The consequence of this accountability principle is the reduction of required employee notifications, once controllers and processors conclude that processing the personal data does not constitute a risk to privacy. Prior to the GDPR going into effect, processing personal data was subject to authorization from the competent data protection authority. Going forward, the new procedure involves privacy impact assessments.
The GDPR has numbered a few new compliance requirements to demonstrate accountability, such as:
- maintaining a register of treatments implemented
- the notification of security breaches (to the authorities and persons concerned)

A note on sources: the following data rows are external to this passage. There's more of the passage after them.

(* Let $a\in K$ and let $b_1,\dots,b_\ell\notin K$ be distinct ($\ell\ge 1$). Suppose that either $(a,b_i)\in T$ for all $i$, or there are $a_1,\dots,a_\ell\in K$ with $(a_i,b_i)\in T$ and $a_i\circ b_i=a$ for all $i$. Then $\pi\ge\ell(n-2q-m+1)+q-m-1$.
   Context: $G$ is a set of size $n$ and $G(\circ)$, $G(\ast)$ are distinct groups on $G$ with the same identity element. $\mathrm{diff}(\circ,\ast)=\{(a,b):a\circ b\ne a\ast b\}$, $\mathrm{dist}(\circ,\ast)=|\mathrm{diff}(\circ,\ast)|$, $\mathrm{dist}_a=|\{b:a\circ b\ne a\ast b\}|$; $H=\{a:\mathrm{dist}_a=0\}$, $h=|H|$; $K=\{a:\mathrm{dist}_a<n/3\}$, $k=|K|$; $m=\min\{\mathrm{dist}_a:\mathrm{dist}_a>0\}$. Standing assumption: $m\ge 3$. Let $q=\lceil n/3\rceil$ and the profit $\pi=\mathrm{dist}(\circ,\ast)-((k-h)m+(n-k)q)$. Let $T=\{(a,b)\in\mathrm{diff}(\circ,\ast):a\in K,\ a\circ b\in K\}$. *)

From HB Require Import structures.
From mathcomp Require Import all_boot all_order all_algebra.
Set Implicit Arguments. Unset Strict Implicit. Unset Printing Implicit Defensive.

Section Defs.
Variable T : finType.

Definition is_group (op : T -> T -> T) (e : T) : Prop :=
  [/\ associative op, left_id e op, right_id e op &
      forall x, exists y, op x y = e /\ op y x = e].

Variables (o s : T -> T -> T).

Definition diffset : {set T * T} := [set p | o p.1 p.2 != s p.1 p.2].
Definition dist : nat := #|diffset|.
Definition dist_at (a : T) : nat := #|[set b | o a b != s a b]|.
Definition Hset : {set T} := [set a | dist_at a == 0%N].
(* dist_a < n/3  <->  3 * dist_a < n *)
Definition Kset : {set T} := [set a | 3 * dist_at a < #|T|].
(* m = min { dist_a : dist_a > 0 }; the default #|T| is never reached
   when the two operations differ, since dist_a <= #|T|. *)
Definition mmin : nat := \big[minn/#|T|]_(a | 0 < dist_at a) dist_at a.
(* q = ceil(n/3) *)
Definition qceil : nat := (#|T| + 2) %/ 3.
Definition profit : int :=
  (dist%:Z - ((#|Kset|%:Z - #|Hset|%:Z) * mmin%:Z
              + (#|T|%:Z - #|Kset|%:Z) * qceil%:Z))%R.
Definition Tset : {set T * T} :=
  [set p in diffset | (p.1 \in Kset) && (o p.1 p.2 \in Kset)].
End Defs.

From HB Require Import structures.
From mathcomp Require Import all_boot all_order all_algebra.
From mathcomp Require Import zify.
Import Order.TTheory GRing.Theory Num.Theory.

Local Open Scope ring_scope.

(* The profit is the sum over all x of the nonnegative terms dist_x - m on
   K \ H, 0 on H and dist_x - q off K.  Whenever x o y <> x * y, the three sets
   of disagreement of y, of x o y and of x (shifted by y) cover the group, so
   n <= dist_x + dist_y + dist_(x o y).  Applied to the triples {a, b_i, c_i},
   with c_i = a o b_i resp. c_i = a_i, this makes the terms of b_i and c_i add
   up to at least n - dist_a - m - q; summing over i, adding the term of a and
   using dist_a <= q - 1 gives the bound. *)

Section GroupCancellation.
Context {T : finType} {op : T -> T -> T} {e : T} (G : is_group op e).

Lemma group_mulI : right_injective op.
Proof.
move=> x; case: G => opA op1 _ opV; case: (opV x) => y [_ yx] u v E.
by rewrite -(op1 u) -(op1 v) -yx -!opA E.
Qed.

Lemma group_mulIr : left_injective op.
Proof.
move=> x; case: G => opA _ op1 opV; case: (opV x) => y [xy _] u v /= E.
by rewrite -(op1 u) -(op1 v) -xy !opA E.
Qed.

Lemma group_id_of_mul_eq x y : op x y = x -> y = e.
Proof. by case: (G) => _ _ op1 _ xy_x; apply: (group_mulI x); rewrite op1. Qed.

End GroupCancellation.

Set Implicit Arguments.
Unset Strict Implicit.
Unset Printing Implicit Defensive.

Section Profit.
Variables (T : finType) (o s : T -> T -> T).

Local Notation d := (dist_at o s).
Local Notation K := (Kset o s).
Local Notation H := (Hset o s).
Local Notation m := (mmin o s).
Local Notation q := (qceil T).

Lemma Hset_sub_Kset : H \subset K.
Proof.
apply/subsetP => x; rewrite !inE => /eqP ->; rewrite muln0.
by apply/card_gt0P; exists x.
Qed.

Lemma mmin_le_dist_at x : (0 < d x)%N -> (m <= d x)%N.
Proof.
move=> dx_gt0.
by have := @bigmin_le_cond _ nat _ #|T| x (fun y => 0 < d y)%N d dx_gt0; rewrite minEnat.
Qed.

Lemma dist_at_lt_qceil x : x \in K -> (d x < q)%N.
Proof. by rewrite inE /qceil; lia. Qed.

Definition profit_weight x : nat :=
  if x \in K then (if x \in H then 0 else m) else q.

Definition profit_term x : int := (d x)%:Z - (profit_weight x)%:Z.

Lemma profit_term_ge0 x : 0 <= profit_term x.
Proof.
rewrite /profit_term /profit_weight subr_ge0 lez_nat.
case: ifPn => [_ | ]; last by rewrite inE /qceil; lia.
case: ifPn => [// | ]; rewrite inE => dx_neq0.
by rewrite mmin_le_dist_at // lt0n.
Qed.

Lemma profit_term_Kset x : x \in K -> (d x)%:Z - m%:Z <= profit_term x.
Proof.
by rewrite /profit_term /profit_weight => ->; case: (x \in H) => /=; lia.
Qed.

Lemma profit_term_notKset x : x \notin K -> profit_term x = (d x)%:Z - q%:Z.
Proof. by rewrite /profit_term /profit_weight => /negbTE ->. Qed.

Lemma dist_sum : dist o s = (\sum_x d x)%N.
Proof.
rewrite /dist -sum1_card.
under [RHS]eq_bigr => x _ do rewrite /dist_at -sum1_card.
by rewrite pair_big_dep; apply: eq_bigl => -[x y]; rewrite !inE.
Qed.

Lemma sum_profit_weight :
  (\sum_x profit_weight x = (#|K| - #|H|) * m + (#|T| - #|K|) * q)%N.
Proof.
rewrite (bigID (mem K)) /=; congr (_ + _).
- rewrite (bigID (mem H)) /= big1 => [|x /andP[xK xH]]; last first.
    by rewrite /profit_weight xK xH.
  rewrite add0n (eq_bigr (fun=> m)) => [|x /andP[xK /negbTE xH]]; last first.
    by rewrite /profit_weight xK xH.
  rewrite sum_nat_const -(cardsDS Hset_sub_Kset); congr (_ * _).
  by apply: eq_card => x; rewrite in_setD [RHS]andbC.
- rewrite (eq_bigr (fun=> q)) => [|x /negbTE xK]; last by rewrite /profit_weight xK.
  rewrite sum_nat_const -(cardsC K) addKn; congr (_ * _).
  by apply: eq_card => x; rewrite in_setC.
Qed.

Lemma profit_sum : profit o s = \sum_x profit_term x.
Proof.
rewrite /profit sumrB -!(big_morph Posz PoszD (erefl 0%R)) -dist_sum.
rewrite sum_profit_weight PoszD !PoszM -!subzn ?(subset_leq_card Hset_sub_Kset) ?max_card //.
Qed.

Lemma profit_ge_sum_uniq (r : seq T) :
  uniq r -> \sum_(x <- r) profit_term x <= profit o s.
Proof.
move=> r_uniq; rewrite profit_sum big_uniq // [leRHS](bigID (mem r)) /=.
by rewrite lerDl sumr_ge0 // => x _; exact: profit_term_ge0.
Qed.

Lemma Tset_mul_in_Kset x y : (x, y) \in Tset o s -> o x y \in K.
Proof. by rewrite in_set => /andP[_ /andP[]]. Qed.

Lemma profit_ge_of_triples (l : nat) (a : T) (b c : 'I_l -> T) :
  (1 <= l)%N -> a \in K -> (forall i, b i \notin K) -> injective b ->
  (forall i, c i \in K) -> (forall i, c i != a) -> injective c ->
  (forall i, #|T| <= d a + d (b i) + d (c i))%N ->
  profit o s >=
    l%:Z * (#|T|%:Z - 2 * q%:Z - m%:Z + 1) + q%:Z - m%:Z - 1.
Proof.
move=> l_gt0 aK bNK b_inj cK c_neq_a c_inj covering; set n := #|T|.
have r_uniq : uniq (a :: codom c ++ codom b).
  rewrite /= mem_cat negb_or cat_uniq !map_inj_uniq // -enumT enum_uniq.
  rewrite andbT -andbA; apply/and3P; split.
  - by apply/codomP => -[i a_ci]; move: (c_neq_a i); rewrite -a_ci eqxx.
  - by apply/codomP => -[i a_bi]; move: (bNK i); rewrite -a_bi aK.
  - apply/hasPn => _ /codomP[i ->]; apply/codomP => -[j bi_cj].
    by move: (bNK i); rewrite bi_cj cK.
have pair_bound i :
    n%:Z - (d a)%:Z - m%:Z - q%:Z <= profit_term (c i) + profit_term (b i).
  have := profit_term_Kset (cK i); rewrite (profit_term_notKset (bNK i)).
  by have := covering i; lia.
apply: le_trans (profit_ge_sum_uniq r_uniq).
rewrite big_cons big_cat /= /codom /image_mem !big_map -big_split /=.
rewrite -enumT big_enum /=.
apply: le_trans (lerD (profit_term_Kset aK) (ler_sum _ (fun i _ => pair_bound i))).
rewrite sumr_const card_ord -[_ *+ l]mulr_natr [l%:R]natz.
have da_lt_q := dist_at_lt_qceil aK.
have : 0 <= (l%:Z - 1) * (q%:Z - (d a)%:Z - 1) by rewrite mulr_ge0 //; lia.
lia.
Qed.

End Profit.

Section GroupPair.
Variables (T : finType) (o s : T -> T -> T) (e : T).
Hypotheses (Go : is_group o e) (Gs : is_group s e).

Local Notation d := (dist_at o s).
Local Notation K := (Kset o s).

Lemma dist_at_id : d e = 0%N.
Proof.
case: (Go) (Gs) => _ o1 _ _ [_ s1 _ _]; apply/eqP; rewrite cards_eq0.
by apply/eqP/setP => x; rewrite !inE o1 s1 eqxx.
Qed.

Lemma id_in_Kset : e \in K.
Proof. by rewrite inE dist_at_id muln0; apply/card_gt0P; exists e. Qed.

(* If c lies in none of the three sets below, then
   (x o y) * c = (x o y) o c = x o (y o c) = x o (y * c) = x * (y * c) = (x * y) * c,
   and cancelling c gives x o y = x * y. *)
Lemma card_le_dist_at_mul x y :
  o x y != s x y -> (#|T| <= d x + d y + d (o x y))%N.
Proof.
move=> xy_diff.
pose D z := [set c | o z c != s z c].
have cover : [set: T] \subset D y :|: s y @^-1: D x :|: D (o x y).
  apply/subsetP => c _; rewrite !inE; apply: contraLR xy_diff.
  rewrite !negb_or !negbK => /andP[/andP[/eqP yc /eqP x_yc] /eqP xy_c].
  case: (Go) (Gs) => oA _ _ _ [sA _ _ _]; apply/eqP; apply: (group_mulIr Gs c).
  by rewrite /= -xy_c -oA yc x_yc sA.
rewrite -cardsT; apply: leq_trans (subset_leq_card cover) _.
apply: leq_trans (leq_card_setU _ _) _; rewrite leq_add2r.
apply: leq_trans (leq_card_setU _ _) _.
rewrite card_preimset; last exact: group_mulI Gs y.
by rewrite addnC.
Qed.

Lemma Tset_card_le x y :
  (x, y) \in Tset o s -> (#|T| <= d x + d y + d (o x y))%N.
Proof. by rewrite !inE => /andP[xy_diff _]; exact: card_le_dist_at_mul. Qed.

End GroupPair.

Theorem lemma9p7 (T : finType) (o s : T -> T -> T) (e : T)
  (Go : is_group o e) (Gs : is_group s e) (Hdistinct : o <> s)
  (Hm : (3 <= mmin o s)%N)
  (l : nat) (Hl : (1 <= l)%N) (a : T) (b : 'I_l -> T)
  (Ha : a \in Kset o s) (Hb : forall i, b i \notin Kset o s)
  (Hbinj : injective b)
  (Hcase : (forall i, (a, b i) \in Tset o s) \/
           (exists a' : 'I_l -> T, forall i,
              [/\ a' i \in Kset o s, (a' i, b i) \in Tset o s & o (a' i) (b i) = a])) :
  profit o s >=
    (l%:Z * (#|T|%:Z - 2 * (qceil T)%:Z - (mmin o s)%:Z + 1)
     + (qceil T)%:Z - (mmin o s)%:Z - 1).
Proof.
have b_neq_e i : b i != e.
  by apply: contraNneq (Hb i) => ->; exact: id_in_Kset Go Gs.
have id_of_mul_eq i x : o x (b i) = x -> b i = e := group_id_of_mul_eq Go x (b i).
case: Hcase => [abT | [a' a'T]].
- apply: (profit_ge_of_triples (c := fun i => o a (b i)) Hl Ha Hb Hbinj)
    => [i | i | i j /= | i].
  + exact: Tset_mul_in_Kset (abT i).
  + by apply: contraNneq (b_neq_e i) => /id_of_mul_eq ->.
  + by move/(group_mulI Go a)/Hbinj.
  + exact: (Tset_card_le Go Gs (abT i)).
- apply: (profit_ge_of_triples (c := a') Hl Ha Hb Hbinj)
    => [i | i | i j a'_ij | i].
  + by case: (a'T i).
  + apply: contraNneq (b_neq_e i) => a'_a; apply/eqP/(id_of_mul_eq _ a).
    by case: (a'T i) => _ _; rewrite a'_a.
  + apply/Hbinj/(group_mulI Go (a' i)).
    by case: (a'T i) => _ _ ->; rewrite a'_ij; case: (a'T j) => _ _ ->.
  + by case: (a'T i) => _ /(Tset_card_le Go Gs) + a'b_a; rewrite a'b_a; lia.
Qed.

- adherence to codes of conduct
- the DPO (Data Protection Officer)
- Privacy Impact Assessments (PIAs)
Authorization Requirements in Italy
In Italy, Legislative Decree no. 101/2018, incorporated the new GDPR requirements. Decisions/authorizations previously issued by the Italian Data Protection Authority (DPA) along with existing ethical codes are remaining in-place until they are officially updated by the DPA. Authorization No. 1/2014 concerning the Processing of Sensitive Data in the Employment Context (published in Italy's Official Journal No. 301 of 30 December 2014) allows the processing of "sensitive" data in the employment context without any previous request for authorization. Note that under the Data Protection Code, sensitive personal data outside of the context of employment generally could only be processed with authorization from the Italian DPA.
That said, processing biometric data continues to be strictly controlled under the DPA’s regulations. Currently, processing biometric data must be done after filing an application with the DPA to permit the processing. Note that in 2014 the DPA permitted the processing of biometric data without an application in certain circumstances, such as when simplifying access to certain areas via finger/handprints.
HR Best Practices: Build in privacy considerations and risk assessments for all employee and candidate data collection processes. Follow the principles of “privacy by design” and “privacy by default.”